Across the entries below, determine how many lines include the word "Require". State only the resulting number.

====== DATASET EXTRACT

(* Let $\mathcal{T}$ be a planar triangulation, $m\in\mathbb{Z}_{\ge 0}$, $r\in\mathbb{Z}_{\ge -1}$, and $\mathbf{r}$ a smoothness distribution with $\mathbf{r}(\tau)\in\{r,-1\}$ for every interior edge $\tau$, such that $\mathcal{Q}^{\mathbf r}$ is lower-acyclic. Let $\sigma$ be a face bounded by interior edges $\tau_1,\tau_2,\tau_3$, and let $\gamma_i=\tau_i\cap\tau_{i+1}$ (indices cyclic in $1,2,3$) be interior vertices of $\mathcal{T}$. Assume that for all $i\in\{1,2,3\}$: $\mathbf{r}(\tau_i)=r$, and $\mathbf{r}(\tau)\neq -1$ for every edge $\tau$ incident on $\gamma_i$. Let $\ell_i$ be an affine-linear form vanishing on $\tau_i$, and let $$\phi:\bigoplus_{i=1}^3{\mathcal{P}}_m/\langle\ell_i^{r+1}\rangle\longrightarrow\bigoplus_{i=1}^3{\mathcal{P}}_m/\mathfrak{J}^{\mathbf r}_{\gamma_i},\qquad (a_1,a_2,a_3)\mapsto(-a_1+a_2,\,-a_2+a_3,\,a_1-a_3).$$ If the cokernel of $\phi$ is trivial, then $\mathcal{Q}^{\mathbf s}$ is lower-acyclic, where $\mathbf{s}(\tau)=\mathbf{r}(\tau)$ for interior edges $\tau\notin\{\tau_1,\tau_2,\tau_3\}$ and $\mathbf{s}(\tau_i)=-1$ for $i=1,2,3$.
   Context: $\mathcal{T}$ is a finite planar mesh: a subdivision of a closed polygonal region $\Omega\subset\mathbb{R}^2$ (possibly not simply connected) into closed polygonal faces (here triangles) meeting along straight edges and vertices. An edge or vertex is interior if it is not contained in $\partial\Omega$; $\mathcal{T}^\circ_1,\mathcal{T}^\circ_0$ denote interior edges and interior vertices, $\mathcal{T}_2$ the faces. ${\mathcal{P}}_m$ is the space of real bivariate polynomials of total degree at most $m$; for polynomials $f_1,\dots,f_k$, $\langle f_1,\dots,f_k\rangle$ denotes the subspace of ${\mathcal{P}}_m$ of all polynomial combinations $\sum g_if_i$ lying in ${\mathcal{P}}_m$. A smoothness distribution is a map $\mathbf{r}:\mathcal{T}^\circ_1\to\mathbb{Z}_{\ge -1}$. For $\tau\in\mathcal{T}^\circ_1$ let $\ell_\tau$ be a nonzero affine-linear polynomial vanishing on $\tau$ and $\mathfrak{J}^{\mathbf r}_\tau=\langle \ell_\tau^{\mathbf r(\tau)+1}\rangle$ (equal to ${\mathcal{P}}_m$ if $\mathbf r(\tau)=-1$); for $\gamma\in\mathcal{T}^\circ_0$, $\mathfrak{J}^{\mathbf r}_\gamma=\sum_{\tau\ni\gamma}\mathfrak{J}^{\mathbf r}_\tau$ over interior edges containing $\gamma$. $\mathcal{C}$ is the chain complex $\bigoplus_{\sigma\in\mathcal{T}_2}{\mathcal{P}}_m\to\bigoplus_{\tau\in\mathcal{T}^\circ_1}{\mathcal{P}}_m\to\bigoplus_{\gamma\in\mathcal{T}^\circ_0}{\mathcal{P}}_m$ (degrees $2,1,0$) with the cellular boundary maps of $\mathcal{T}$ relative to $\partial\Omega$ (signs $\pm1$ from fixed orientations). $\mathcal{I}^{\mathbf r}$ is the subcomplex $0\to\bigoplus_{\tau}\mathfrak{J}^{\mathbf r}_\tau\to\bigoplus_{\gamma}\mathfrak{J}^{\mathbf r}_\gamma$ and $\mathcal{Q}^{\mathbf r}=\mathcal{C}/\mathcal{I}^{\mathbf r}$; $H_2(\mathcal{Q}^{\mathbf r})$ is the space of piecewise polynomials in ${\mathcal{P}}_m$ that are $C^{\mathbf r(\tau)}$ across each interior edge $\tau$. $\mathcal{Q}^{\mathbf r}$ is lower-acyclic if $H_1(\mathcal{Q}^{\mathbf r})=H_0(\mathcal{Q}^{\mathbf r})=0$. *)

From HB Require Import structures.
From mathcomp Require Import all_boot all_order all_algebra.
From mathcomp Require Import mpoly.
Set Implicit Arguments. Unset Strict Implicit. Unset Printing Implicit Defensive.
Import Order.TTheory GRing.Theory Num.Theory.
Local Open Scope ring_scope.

============

### WRITTEN ANSWER
3